++++ Data section

(* Let $\Gamma(t,s)=\int_{\mathbb{R}}e^{-\rho(\alpha,(s,t])}\mu(\mathrm{d}\alpha)$ be a completely monotone double kernel in which every measure $\rho(\alpha,\cdot)$ is atomless. If $\Gamma$ satisfies condition (K), then it satisfies Assumption (A) with the approximating family $\Gamma_M(t,s)=\int_{[-M,M]}e^{-\rho(\alpha,(s,t])}\mu(\mathrm{d}\alpha)$, $M\in\mathbb{N}^*$.
   Context: Completely monotone double kernel: $\mu$ is a Borel measure on $\mathbb{R}$ finite on compact sets; $(\rho(\alpha,\cdot))_{\alpha\in\mathbb{R}}$ Borel measures on $\mathbb{R}_+$ finite on compact sets with $\rho(\beta,\cdot)-\rho(\alpha,\cdot)\ge0$ for $\alpha\le\beta$; $\Gamma(t,s)<\infty$ for $t>s$; defined for $0<s<t$. Notation $\Delta=\{(t,s):0\le s\le t\}$, $\Delta_T=\{(t,s):0\le s\le t\le T\}$. Condition (K): for every $T$ there exist $\eta>0$, $\gamma\in(0,1/2]$ with $\int_s^t\Gamma(t,u)^2\mathrm{d}u+\int_0^s(\Gamma(t,u)-\Gamma(s,u))^2\mathrm{d}u\le\eta(t-s)^{2\gamma}$ on $\Delta_T$. $\Gamma$ preserves nonnegativity if for every $T>0$, $K$, $x_1,\dots,x_K\in\mathbb{R}$, $0\le t_1<\dots<t_K<T$ with $\sum_{k'\le k}x_{k'}\Gamma(t_k,t_{k'})\ge0$ for all $k$, one has $\sum_{k:t_k\le t}x_k\Gamma(t,t_k)\ge0$ for $t\in[0,T]$. Condition (P): continuous on $\Delta$, $0<\Gamma(s,s)<\infty$, preserves nonnegativity, $t\mapsto\Gamma(t,s)$ nonincreasing on $[s,\infty)$. Assumption (A): (K) holds and there are kernels $\Gamma_M$ satisfying (P) with $\int_0^t(\Gamma(t,s)-\Gamma_M(t,s))^2\mathrm{d}s\to0$ for all $t\ge0$ and, for each $T$, constants $\eta>0,\gamma\in(0,1/2]$ with $\int_s^t\Gamma_M(t,u)^2\mathrm{d}u+\int_0^s(\Gamma_M(t,u)-\Gamma_M(s,u))^2\mathrm{d}u\le\eta|t-s|^{2\gamma}$ on $\Delta_T$ for all $M$. *)

From HB Require Import structures.
From mathcomp Require Import all_boot all_order all_algebra.
From mathcomp Require Import all_classical all_reals all_analysis.
Set Implicit Arguments. Unset Strict Implicit. Unset Printing Implicit Defensive.
Import Order.TTheory GRing.Theory Num.Theory.
Import numFieldNormedType.Exports.
Local Open Scope classical_set_scope.
Local Open Scope ring_scope.

Section defs.
Variable R : realType.
Local Notation leb := (@lebesgue_measure R).

Definition kernel := R -> R -> \bar R.

(* Completely monotone double kernel data: mu Borel measure on R finite on
   compacts; rho a measure on R_+ (represented as a measure on R giving no
   mass to ]-oo,0[), finite on compacts, nondecreasing in alpha (as measures);
   Gamma(t,s) finite for 0 <= s < t. *)
Definition Gamma (mu : {measure set R -> \bar R})
  (rho : R -> {measure set R -> \bar R}) : kernel :=
  fun t s => (\int[mu]_a expeR (- rho a `]s, t]%classic))%E.

Definition GammaM (mu : {measure set R -> \bar R})
  (rho : R -> {measure set R -> \bar R}) (M : nat) : kernel :=
  fun t s => (\int[mu]_(a in `[(- (M%:R : R))%R, (M%:R : R)]%classic) expeR (- rho a `]s, t]%classic))%E.

Definition cm_double_kernel (mu : {measure set R -> \bar R})
  (rho : R -> {measure set R -> \bar R}) : Prop :=
  [/\ (forall a b : R, (mu `[a, b]%classic < +oo)%E),
      (forall a, rho a `]-oo, 0[%classic = 0%E),
      (forall a x y : R, (rho a `[x, y]%classic < +oo)%E),
      (forall a b : R, a <= b -> forall A, measurable A -> (rho a A <= rho b A)%E)
    & (forall t s : R, 0 <= s < t -> (Gamma mu rho t s < +oo)%E)].

Definition Delta : set (R * R) := [set p | 0 <= p.2 <= p.1].

Definition Kquant (G : kernel) (t s : R) : \bar R :=
  (\int[leb]_(u in (`[s, t[%classic : set R)) (G t u) ^+ 2
   + \int[leb]_(u in (`[0%R, s[%classic : set R)) (G t u - G s u) ^+ 2)%E.

Definition condK (G : kernel) : Prop :=
  forall T : R, exists eta : R, exists gam : R,
    [/\ 0 < eta, 0 < gam, gam <= 1/2 &
      forall t s, 0 <= s -> s <= t -> t <= T ->
        (Kquant G t s <= (eta * (t - s) `^ (2 * gam))%:E)%E].

Definition preserves_nonnegativity (G : kernel) : Prop :=
  forall (T : R) (K : nat) (x tt : nat -> R), 0 < T ->
    (forall k, (k < K)%N -> 0 <= tt k /\ tt k < T) ->
    (forall i j, (i < j)%N -> (j < K)%N -> tt i < tt j) ->
    (forall k, (k < K)%N ->
       (0 <= \sum_(0 <= k' < k.+1) (x k')%:E * G (tt k) (tt k'))%E) ->
    forall u, 0 <= u <= T ->
       (0 <= \sum_(0 <= k < K | (tt k <= u)%R) (x k)%:E * G u (tt k))%E.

++++++++

Aim of the task:
Nothing before the line containing "nat) : kernel" should be repeated; repeat that line and all later lines through the end of the data above, exactly.

Problem solution:
  (rho : R -> {measure set R -> \bar R}) (M : nat) : kernel :=
  fun t s => (\int[mu]_(a in `[(- (M%:R : R))%R, (M%:R : R)]%classic) expeR (- rho a `]s, t]%classic))%E.

Definition cm_double_kernel (mu : {measure set R -> \bar R})
  (rho : R -> {measure set R -> \bar R}) : Prop :=
  [/\ (forall a b : R, (mu `[a, b]%classic < +oo)%E),
      (forall a, rho a `]-oo, 0[%classic = 0%E),
      (forall a x y : R, (rho a `[x, y]%classic < +oo)%E),
      (forall a b : R, a <= b -> forall A, measurable A -> (rho a A <= rho b A)%E)
    & (forall t s : R, 0 <= s < t -> (Gamma mu rho t s < +oo)%E)].

Definition Delta : set (R * R) := [set p | 0 <= p.2 <= p.1].

Definition Kquant (G : kernel) (t s : R) : \bar R :=
  (\int[leb]_(u in (`[s, t[%classic : set R)) (G t u) ^+ 2
   + \int[leb]_(u in (`[0%R, s[%classic : set R)) (G t u - G s u) ^+ 2)%E.

Definition condK (G : kernel) : Prop :=
  forall T : R, exists eta : R, exists gam : R,
    [/\ 0 < eta, 0 < gam, gam <= 1/2 &
      forall t s, 0 <= s -> s <= t -> t <= T ->
        (Kquant G t s <= (eta * (t - s) `^ (2 * gam))%:E)%E].

Definition preserves_nonnegativity (G : kernel) : Prop :=
  forall (T : R) (K : nat) (x tt : nat -> R), 0 < T ->
    (forall k, (k < K)%N -> 0 <= tt k /\ tt k < T) ->
    (forall i j, (i < j)%N -> (j < K)%N -> tt i < tt j) ->
    (forall k, (k < K)%N ->
       (0 <= \sum_(0 <= k' < k.+1) (x k')%:E * G (tt k) (tt k'))%E) ->
    forall u, 0 <= u <= T ->
       (0 <= \sum_(0 <= k < K | (tt k <= u)%R) (x k)%:E * G u (tt k))%E.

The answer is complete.